→ **WHAT YOU SHOULD DO**
Write out every line exactly, from the first line of the records below through the line that contains "by apply/ltW/(lt_le_trans (truncnS_gt".

→ **TASK DATA**
+++

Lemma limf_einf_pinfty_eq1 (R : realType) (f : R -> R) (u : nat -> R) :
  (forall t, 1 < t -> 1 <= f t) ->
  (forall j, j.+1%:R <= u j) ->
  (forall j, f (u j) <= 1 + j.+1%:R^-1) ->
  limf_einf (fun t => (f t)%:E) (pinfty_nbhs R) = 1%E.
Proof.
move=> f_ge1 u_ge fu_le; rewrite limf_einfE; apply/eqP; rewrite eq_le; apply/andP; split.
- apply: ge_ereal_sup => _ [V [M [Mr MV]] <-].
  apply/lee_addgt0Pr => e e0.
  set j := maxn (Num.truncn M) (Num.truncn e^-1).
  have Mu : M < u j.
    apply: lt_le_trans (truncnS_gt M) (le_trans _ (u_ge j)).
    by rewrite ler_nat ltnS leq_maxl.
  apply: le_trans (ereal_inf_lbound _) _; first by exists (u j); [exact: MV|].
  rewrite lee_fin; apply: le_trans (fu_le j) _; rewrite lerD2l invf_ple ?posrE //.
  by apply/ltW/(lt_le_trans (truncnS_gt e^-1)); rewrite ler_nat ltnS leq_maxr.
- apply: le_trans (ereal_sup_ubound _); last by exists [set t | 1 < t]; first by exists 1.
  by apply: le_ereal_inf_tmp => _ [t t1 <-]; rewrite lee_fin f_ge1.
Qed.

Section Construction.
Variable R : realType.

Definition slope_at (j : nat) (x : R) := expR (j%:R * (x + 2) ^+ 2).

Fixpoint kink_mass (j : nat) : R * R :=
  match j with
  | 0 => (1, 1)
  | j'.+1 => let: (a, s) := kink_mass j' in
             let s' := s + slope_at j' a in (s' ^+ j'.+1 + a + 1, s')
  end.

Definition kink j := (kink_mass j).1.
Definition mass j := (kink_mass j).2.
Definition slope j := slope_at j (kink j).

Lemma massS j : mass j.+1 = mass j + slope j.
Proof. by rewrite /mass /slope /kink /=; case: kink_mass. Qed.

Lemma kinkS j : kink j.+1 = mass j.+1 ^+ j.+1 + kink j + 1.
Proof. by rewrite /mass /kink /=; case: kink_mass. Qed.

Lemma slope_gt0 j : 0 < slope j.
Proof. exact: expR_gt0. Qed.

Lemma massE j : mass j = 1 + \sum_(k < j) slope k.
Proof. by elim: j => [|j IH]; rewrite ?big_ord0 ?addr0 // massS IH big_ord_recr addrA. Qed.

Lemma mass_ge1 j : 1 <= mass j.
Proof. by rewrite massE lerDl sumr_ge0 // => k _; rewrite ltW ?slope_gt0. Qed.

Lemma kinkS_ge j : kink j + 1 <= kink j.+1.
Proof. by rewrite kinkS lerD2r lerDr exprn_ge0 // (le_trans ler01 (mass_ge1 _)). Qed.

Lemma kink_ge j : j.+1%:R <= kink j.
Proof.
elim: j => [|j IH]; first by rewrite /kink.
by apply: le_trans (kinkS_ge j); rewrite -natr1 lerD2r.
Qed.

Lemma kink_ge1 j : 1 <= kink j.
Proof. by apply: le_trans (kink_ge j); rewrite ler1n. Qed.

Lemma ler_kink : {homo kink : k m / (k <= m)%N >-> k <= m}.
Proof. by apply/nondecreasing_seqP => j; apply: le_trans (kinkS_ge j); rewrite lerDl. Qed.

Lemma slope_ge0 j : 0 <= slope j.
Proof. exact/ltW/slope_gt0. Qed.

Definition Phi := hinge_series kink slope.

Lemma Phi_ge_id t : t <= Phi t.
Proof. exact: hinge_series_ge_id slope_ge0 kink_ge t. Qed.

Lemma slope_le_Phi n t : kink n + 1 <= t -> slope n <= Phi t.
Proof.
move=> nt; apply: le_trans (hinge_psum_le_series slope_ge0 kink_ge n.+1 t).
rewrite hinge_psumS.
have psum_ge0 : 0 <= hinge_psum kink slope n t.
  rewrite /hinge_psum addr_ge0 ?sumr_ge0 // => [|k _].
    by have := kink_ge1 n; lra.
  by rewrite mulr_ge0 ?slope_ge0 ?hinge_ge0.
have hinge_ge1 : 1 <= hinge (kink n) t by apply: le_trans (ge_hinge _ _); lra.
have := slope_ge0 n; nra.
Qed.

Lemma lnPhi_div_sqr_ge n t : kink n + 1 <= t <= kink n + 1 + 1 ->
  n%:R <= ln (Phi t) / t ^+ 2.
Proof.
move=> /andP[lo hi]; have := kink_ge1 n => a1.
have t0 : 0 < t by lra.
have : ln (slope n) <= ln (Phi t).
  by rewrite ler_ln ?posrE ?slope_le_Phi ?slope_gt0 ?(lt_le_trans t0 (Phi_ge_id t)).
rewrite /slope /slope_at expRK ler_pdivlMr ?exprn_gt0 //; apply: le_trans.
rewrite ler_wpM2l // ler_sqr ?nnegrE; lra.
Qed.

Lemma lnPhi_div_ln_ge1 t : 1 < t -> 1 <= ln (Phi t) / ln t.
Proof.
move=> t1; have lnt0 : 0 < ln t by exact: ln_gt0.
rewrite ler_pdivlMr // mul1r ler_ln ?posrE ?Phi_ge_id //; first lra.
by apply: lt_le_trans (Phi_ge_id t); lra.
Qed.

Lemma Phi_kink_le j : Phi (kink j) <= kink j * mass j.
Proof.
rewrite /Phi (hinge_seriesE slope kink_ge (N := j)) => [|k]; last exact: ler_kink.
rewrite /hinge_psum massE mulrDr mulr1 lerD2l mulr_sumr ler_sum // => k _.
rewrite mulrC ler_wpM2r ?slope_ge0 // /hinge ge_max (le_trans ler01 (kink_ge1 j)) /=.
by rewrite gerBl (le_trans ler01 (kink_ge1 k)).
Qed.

+++

→ **EXERCISE RESPONSE**
Lemma limf_einf_pinfty_eq1 (R : realType) (f : R -> R) (u : nat -> R) :
  (forall t, 1 < t -> 1 <= f t) ->
  (forall j, j.+1%:R <= u j) ->
  (forall j, f (u j) <= 1 + j.+1%:R^-1) ->
  limf_einf (fun t => (f t)%:E) (pinfty_nbhs R) = 1%E.
Proof.
move=> f_ge1 u_ge fu_le; rewrite limf_einfE; apply/eqP; rewrite eq_le; apply/andP; split.
- apply: ge_ereal_sup => _ [V [M [Mr MV]] <-].
  apply/lee_addgt0Pr => e e0.
  set j := maxn (Num.truncn M) (Num.truncn e^-1).
  have Mu : M < u j.
    apply: lt_le_trans (truncnS_gt M) (le_trans _ (u_ge j)).
    by rewrite ler_nat ltnS leq_maxl.
  apply: le_trans (ereal_inf_lbound _) _; first by exists (u j); [exact: MV|].
  rewrite lee_fin; apply: le_trans (fu_le j) _; rewrite lerD2l invf_ple ?posrE //.
  by apply/ltW/(lt_le_trans (truncnS_gt e^-1)); rewrite ler_nat ltnS leq_maxr.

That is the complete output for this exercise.